L'ampoule du réverbère avait grillé et Adamsberg n'avait pas aperçu son voisin dans la nuit.

— Pas au pôle Nord, en Islande.

— C'est pareil.

— Mais je ne sais plus pourquoi je pars.

— Tu pars finir de te gratter. Ce qui t'avait piqué dans le Creux. Cherche pas plus loin.

— Mais ça ne va pas, Lucio, dit Adamsberg en tendant la main pour avoir une bière.

— Elle est ouverte. Comme ça, tu ficheras pas l'arbre en l'air.

— Ça ne va pas. J'abandonne l'enquête, j'abandonne mes hommes, tout cela pour aller me gratter sur une terre de glace.

— T'as pas le choix.

— Je ne sais même plus où est l'Islande, où est l'avion. C'est à cause de ces séances à l'Assemblée. Je t'en ai parlé.
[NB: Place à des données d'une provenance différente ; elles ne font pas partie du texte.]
Let s_val : s%:R = n%:R * (n%:R + 1) / 2 + 1 :> R.
Proof.
have bin2E : 'C(n.+1, 2)%:R = n%:R * (n%:R + 1) / 2 :> R.
  have := congr1 (GRing.natmul (1 : R)) (mul_bin_diag n.+1 1).
  rewrite /= bin1 !natrM [n.+1%:R]mulrSr => E.
  by rewrite -[_%:R](@mulKf _ 2) ?pnatr_eq0 // -E; field.
by rewrite s_eq natrD bin2E.
Qed.

Let s2_neq0 : n%:R * (n%:R + 1) + 2 != 0 :> R.
Proof. by rewrite -(natrD _ n 1) -natrM -(natrD _ _ 2) pnatr_eq0 addn2. Qed.

Let s_gt0 : 0 < s%:R :> R. Proof. by rewrite ltr0n s_eq addn1. Qed.
Let s_neq0 : s%:R != 0 :> R. Proof. by rewrite gt_eqF. Qed.

(* [resid k] is [e_k] minus its orthogonal projection onto the span of the
   all-one vector, [w] and [(gram k j ^+ 2)_j]. *)
Definition resid k j :=
  δ k j - s%:R^-1 - (gram k j ^+ 2 - n%:R^-1) * e - w k * w j / W.

Lemma sum_mul_resid (H : 'I_s -> R) k :
  \sum_j H j * resid k j =
  H k - (\sum_j H j) / s%:R
  - ((\sum_j H j * gram k j ^+ 2) - (\sum_j H j) / n%:R) * e
  - w k / W * \sum_j H j * w j.
Proof.
transitivity (\sum_j (H j * δ k j - H j / s%:R
   - (H j * gram k j ^+ 2 - H j / n%:R) * e - w k / W * (H j * w j))).
  by apply: eq_bigr => j _; rewrite /resid; ring.
by rewrite !sumrB sum_mul_delta -!mulr_suml -mulr_sumr sumrB -mulr_suml.
Qed.

Hypothesis w_neq0 : exists i, w i != 0.

Let W_neq0 : W != 0.
Proof.
have [i wi] := w_neq0; apply: contraNneq wi => /eqP.
by rewrite psumr_eq0 => [/allP/(_ i (mem_index_enum _))|j _]; rewrite ?sqrf_eq0 ?sqr_ge0.
Qed.

Lemma sum_resid k : \sum_j resid k j = 0.
Proof.
under eq_bigr do rewrite -[resid _ _]mul1r.
rewrite sum_mul_resid sumr_const card_ord.
under eq_bigr do rewrite mul1r.
rewrite sum_gram_sqr_row.
under eq_bigr do rewrite mul1r.
rewrite sum_kernel -mulr_natr mul1r; field.
by rewrite W_neq0 n_neq0 s_neq0.
Qed.

Lemma sum_kernel_resid k : \sum_j w j * resid k j = 0.
Proof.
rewrite sum_mul_resid sum_kernel sum_kernel_gram_sqr.
under eq_bigr do rewrite -expr2.
by rewrite -/W; field; rewrite W_neq0 n_neq0 s_neq0.
Qed.
(* Let $G$ be a bipartite super edge-magic simple graph with stable sets $X$ and $Y$, and suppose $G\cong H_1\oplus H_2$ is a decomposition of $G$. Then $\lim_{n\to\infty}|\sigma_{S_{2n}(G;H_1,H_2)}|=\infty$.
   Context: For a $(p,q)$-graph $G$ ($p$ vertices, $q$ edges), an edge-magic labeling is a bijection $f:V(G)\cup E(G)\to[1,p+q]$ such that $f(x)+f(xy)+f(y)$ equals a constant (the valence) for every edge $xy$; it is super edge-magic if moreover $f(V(G))=[1,p]$. For a graph $H$, $\sigma_H$ is the set of integers that are valences of super edge-magic labelings of $H$. A decomposition $G\cong H_1\oplus H_2$ means $H_1,H_2$ are subgraphs of $G$ whose edge sets partition $E(G)$. Writing $X=\{x_i\}_{i=1}^s$, $Y=\{y_j\}_{j=1}^t$, $S_{2n}(G;H_1,H_2)$ is the graph with vertex set $X\cup Y\cup\bigcup_{k=1}^n X_k\cup\bigcup_{k=1}^n Y_k$, where $X_k=\{x_i^k\}_{i=1}^s$, $Y_k=\{y_j^k\}_{j=1}^t$ are new vertices, and edge set $E(G)\cup\{x_iy_j^k: x_iy_j\in E(H_1),\,k\in[1,n]\}\cup\{x_i^ky_j: x_iy_j\in E(H_2),\,k\in[1,n]\}$. *)

From mathcomp Require Import all_boot.
Set Implicit Arguments. Unset Strict Implicit. Unset Printing Implicit Defensive.

(* A simple graph on a finite vertex type V is given by a (symmetric,
   irreflexive) adjacency relation adj.  Its edges are the 2-sets {x,y}
   with adj x y. *)
Definition is_edge (V : finType) (adj : rel V) (e : {set V}) : bool :=
  [exists x, exists y, adj x y && (e == [set x; y])].

Definition edge_type (V : finType) (adj : rel V) :=
  {e : {set V} | is_edge adj e}.

Definition nverts (V : finType) (adj : rel V) : nat := #|V|.
Definition nedges (V : finType) (adj : rel V) : nat :=
  #|[pred e : {set V} | is_edge adj e]|.

Definition sem_valence (V : finType) (adj : rel V) (k : nat) : Prop :=
  exists f : V + edge_type adj -> nat,
    [/\ injective f,
        (forall i, (exists z, f z = i) <-> (1 <= i <= nverts adj + nedges adj)),
        (forall i, (exists v, f (inl v) = i) <-> (1 <= i <= nverts adj)) &
        (forall (e : edge_type adj) (x y : V), adj x y -> val e = [set x; y] ->
            f (inl x) + f (inr e) + f (inl y) = k)].

Definition sigma (V : finType) (adj : rel V) : nat -> Prop := sem_valence adj.

Definition super_edge_magic (V : finType) (adj : rel V) : Prop :=
  exists k, sem_valence adj k.

(* Bipartite graph G with stable sets X = {x_i}_{i<s}, Y = {y_j}_{j<t};
   E i j means x_i y_j is an edge. Vertices: inl i = x_i, inr j = y_j. *)
Definition bip_dir (s t : nat) (E : 'I_s -> 'I_t -> bool)
  (u v : 'I_s + 'I_t) : bool :=
  match u, v with inl i, inr j => E i j | _, _ => false end.

Definition bip_adj (s t : nat) (E : 'I_s -> 'I_t -> bool) : rel ('I_s + 'I_t) :=
  fun u v => bip_dir E u v || bip_dir E v u.

(* Vertices of S_{2n}(G;H1,H2):
   inl (inl i) = x_i, inl (inr j) = y_j,
   inr (inl (k,i)) = x_i^k, inr (inr (k,j)) = y_j^k  (k : 'I_n). *)
Definition S2n_vert (s t n : nat) : finType :=
  (('I_s + 'I_t) + (('I_n * 'I_s) + ('I_n * 'I_t)))%type.

Definition S2n_dir (s t n : nat) (E E1 E2 : 'I_s -> 'I_t -> bool)
  (u v : S2n_vert s t n) : bool :=
  match u, v with
  | inl (inl i), inl (inr j) => E i j                 (* x_i y_j,   E(G)  *)
  | inl (inl i), inr (inr (_, j)) => E1 i j          (* x_i y_j^k, E(H1) *)
  | inr (inl (_, i)), inl (inr j) => E2 i j          (* x_i^k y_j, E(H2) *)
  | _, _ => false
  end.

Definition S2n_adj (s t n : nat) (E E1 E2 : 'I_s -> 'I_t -> bool)
  : rel (S2n_vert s t n) :=
  fun u v => S2n_dir E E1 E2 u v || S2n_dir E E1 E2 v u.

Arguments S2n_adj {s t} n E E1 E2.

From mathcomp Require Import all_boot zify.
Set Implicit Arguments. Unset Strict Implicit. Unset Printing Implicit Defensive.

(* A super edge-magic labeling of a graph with p vertices and q edges is
   determined by its vertex labels: these form a bijection onto [1, p] whose
   edge sums are q distinct consecutive integers T-q+1, ..., T, and the edges
   then take the remaining labels in decreasing order of their sums, giving
   valence p + 1 + T.  Write S_2n as n+1 layers over the vertices of G (G
   itself and its n copies).  Every edge of S_2n joins a vertex of G to a
   vertex of one layer c, over an edge x y of G, and each edge of G lies over
   exactly one edge per layer.  Choose a bijection o from the layers onto
   [0, n] putting G in slot a, and label the vertex over v in layer c by
   (n+1) g(v) - o(c).  The edge sums become (n+1)(g x + g y) - a - o(c): these
   are (n+1)q distinct consecutive integers ending at (n+1)T - a, so each of
   the n+1 choices of a yields its own valence. *)


Lemma sum_set2 (V : finType) (h : V -> nat) (x y : V) : x != y ->
  \sum_(v in [set x; y]) h v = h x + h y.
Proof. by move=> nxy; rewrite big_setU1 /= ?big_set1 // in_set1. Qed.

Lemma onto_of_injective_bounded (T : finType) (h : T -> nat) (b : nat) :
  injective h -> (forall x, b <= h x < b + #|T|) ->
  forall i, b <= i < b + #|T| -> exists x, h x = i.
Proof.
move=> hinj hb i hi.
have uniq_img : uniq (map h (enum T)) by rewrite map_inj_uniq ?enum_uniq.
have img_sub : {subset map h (enum T) <= iota b #|T|}.
  by move=> _ /mapP [x _ ->]; rewrite mem_iota.
have := uniq_min_size uniq_img img_sub.
rewrite size_map -cardE size_iota leqnn => /(_ isT) [_ /(_ i)].
by rewrite mem_iota hi => /mapP [x _ ->]; exists x.
Qed.

Lemma card_of_bijective_iota (T : finType) (F : T -> nat) (Q : nat) :
  injective F -> (forall x, F x < Q) -> (forall r, r < Q -> exists x, F x = r) ->
  #|T| = Q.
Proof.
move=> Finj FQ Fonto; rewrite cardE -(size_map F) -[Q in RHS](size_iota 0).
have uniq_img : uniq (map F (enum T)) by rewrite map_inj_uniq ?enum_uniq.
apply/eqP; rewrite eqn_leq !uniq_leq_size ?iota_uniq //.
- by move=> r; rewrite mem_iota => /Fonto [x <-]; rewrite map_f ?mem_enum.
- by move=> _ /mapP [x _ ->]; rewrite mem_iota /= FQ.
Qed.

Section EdgeSums.
Variables (V : finType) (adj : rel V).

Lemma sem_valence_of_edge_sums (h : V -> nat) (D Q : nat) :
  irreflexive adj -> injective h -> (forall v, 0 < h v <= #|V|) ->
  (forall e : edge_type adj, exists2 r, r < Q & \sum_(v in val e) h v + r = D) ->
  (forall r, r < Q -> exists e : edge_type adj, \sum_(v in val e) h v + r = D) ->
  injective (fun e : edge_type adj => \sum_(v in val e) h v) ->
  sem_valence adj (#|V| + 1 + D).
Proof.
move=> irr hinj hb hdef hcover hsum_inj.
set p := #|V| in hb *.
pose F (e : edge_type adj) := D - \sum_(v in val e) h v.
have hF e : F e < Q /\ \sum_(v in val e) h v + F e = D.
  by have [r ltrQ eD] := hdef e; rewrite /F; lia.
have Finj : injective F.
  move=> e1 e2 eqF; apply: hsum_inj.
  by have [_ sum1] := hF e1; have [_ sum2] := hF e2; lia.
have Fonto r : r < Q -> exists e, F e = r.
  by move=> /hcover [e he]; exists e; have [_] := hF e; lia.
have nedgesQ : nedges adj = Q.
  rewrite /nedges -(card_sig (is_edge adj)).
  by apply: card_of_bijective_iota Finj _ Fonto => e; have [] := hF e.
pose f z := match z with inl v => h v | inr e => p + 1 + F e end.
have h_onto i : 0 < i <= p -> exists v, h v = i.
  by apply: onto_of_injective_bounded.
exists f; split; rewrite /nverts -/p ?nedgesQ.
- move=> [v1|e1] [v2|e2] /= eqf.
  + by rewrite (hinj _ _ eqf).
  + by have := hb v1; lia.
  + by have := hb v2; lia.
  + by rewrite (Finj e1 e2) //; lia.
- move=> i; split=> [[[v|e] <-] /=|/andP [i_gt0 i_le]].
  + by have := hb v; lia.
  + by have [] := hF e; lia.
  + have [i_le_p|p_lt_i] := leqP i p.
      by have [v <-] := h_onto i ltac:(lia); exists (inl v).
    have [e Fe] := Fonto (i - p - 1) ltac:(lia).
    by exists (inr e) => /=; lia.
- by move=> i; split=> [[v <-]|/h_onto [v <-]]; [exact: hb | exists v].
- move=> e x y adjxy ve /=.
  have nxy : x != y by apply: contraTneq adjxy => ->; rewrite irr.
  by have [_] := hF e; rewrite ve sum_set2 //; lia.
Qed.

Lemma edge_sums_of_sem_valence (k : nat) : sem_valence adj k ->
  exists (h : V -> nat) (F : edge_type adj -> nat),
  [/\ injective h, forall v, 0 < h v <= #|V|, injective F,
      forall r, (exists e, F e = r) <-> r < nedges adj &
      forall e x y, adj x y -> val e = [set x; y] -> h x + h y + F e = k - #|V|.+1].
Proof.
case=> f [finj f_img fv_img fval]; rewrite /nverts in f_img fv_img.
set p := #|V| in f_img fv_img *; set q := nedges adj in f_img *.
have hb v : 0 < f (inl v) <= p by apply/fv_img; exists v.
have edge_lab e : p < f (inr e) <= p + q.
  have lab_e : 0 < f (inr e) <= p + q by apply/f_img; exists (inr e).
  suff : ~ f (inr e) <= p by lia.
  move=> le_p; have [v /finj //] : exists v, f (inl v) = f (inr e).
  by apply/fv_img; lia.
exists (fun v => f (inl v)), (fun e => f (inr e) - p.+1); split.
- by move=> v1 v2 /finj [].
- exact: hb.
- move=> e1 e2 eqF; have /finj [//] : f (inr e1) = f (inr e2).
  by have := edge_lab e1; have := edge_lab e2; lia.
- move=> r; split=> [[e <-]|lt_r]; first by have := edge_lab e; lia.
  have [[v|e] fz] : exists z, f z = p.+1 + r by apply/f_img; lia.
  + by have := hb v; lia.
  + by exists e; lia.
- move=> e x y adjxy ve.
  by have := fval e x y adjxy ve; have := edge_lab e; lia.
Qed.
End EdgeSums.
Je suis en avril 1794. Tu comprends ?

— Non.

— Qu'est-ce que tu comprends alors ?

— Que c'est une sacrée foutue bête qui t'a piqué.

— J'ai encore le temps de tout annuler.

— Non.

— Presque tous mes adjoints sont contre. Demain, quand ils verront que je suis réellement parti, ce sera l'émeute. Ils ne comprennent pas.

— On ne peut jamais comprendre ce qui gratte l'autre.

— Je vais annuler, dit Adamsberg en se levant.

— Non, répéta Lucio en l'agrippant au poignet de sa seule main qui, à force d'être seule, était devenue presque aussi puissante que deux mains réunies. Si tu annules, ça va s'infecter. Et tu pleureras. Quand le bagage est fait, l'homme ne se retourne pas. Tu veux que je te dise une chose ?

— Non, dit Adamsberg, énervé par la surpuissance que s'octroyait le vieux.

— Finis cette bière. D'un coup.

Lassé, Adamsberg s'exécuta sous le regard mauvais de l'Espagnol.

— Et maintenant, ordonna Lucio, va dormir, hombre.

Et cela, il ne l'avait jamais dit de sa vie.

Puis il l'entendit se racler la gorge et cracher au sol. Et cela non plus, Lucio ne l'avait jamais fait de sa vie.

XXXIV

Adamsberg rejoignit Veyrenc à l'enregistrement du vol de 14 h 30 pour Reykjavik. La file n'était pas très longue, avril n'était pas la saison des touristes. Des hommes d'affaires et beaucoup de têtes blondes, d'un blond qui tirait sur le blanc, des Islandais qui rentraient chez eux pour les vacances de Pâques. Bagages légers, Islandais paisibles, à l'exception d'Adamsberg et de Veyrenc, lourdement chargés de leurs sacs à dos, comme s'ils préparaient leur défense contre la morsure des glaces. Mais enfin, cet îlot n'était pas comme les autres.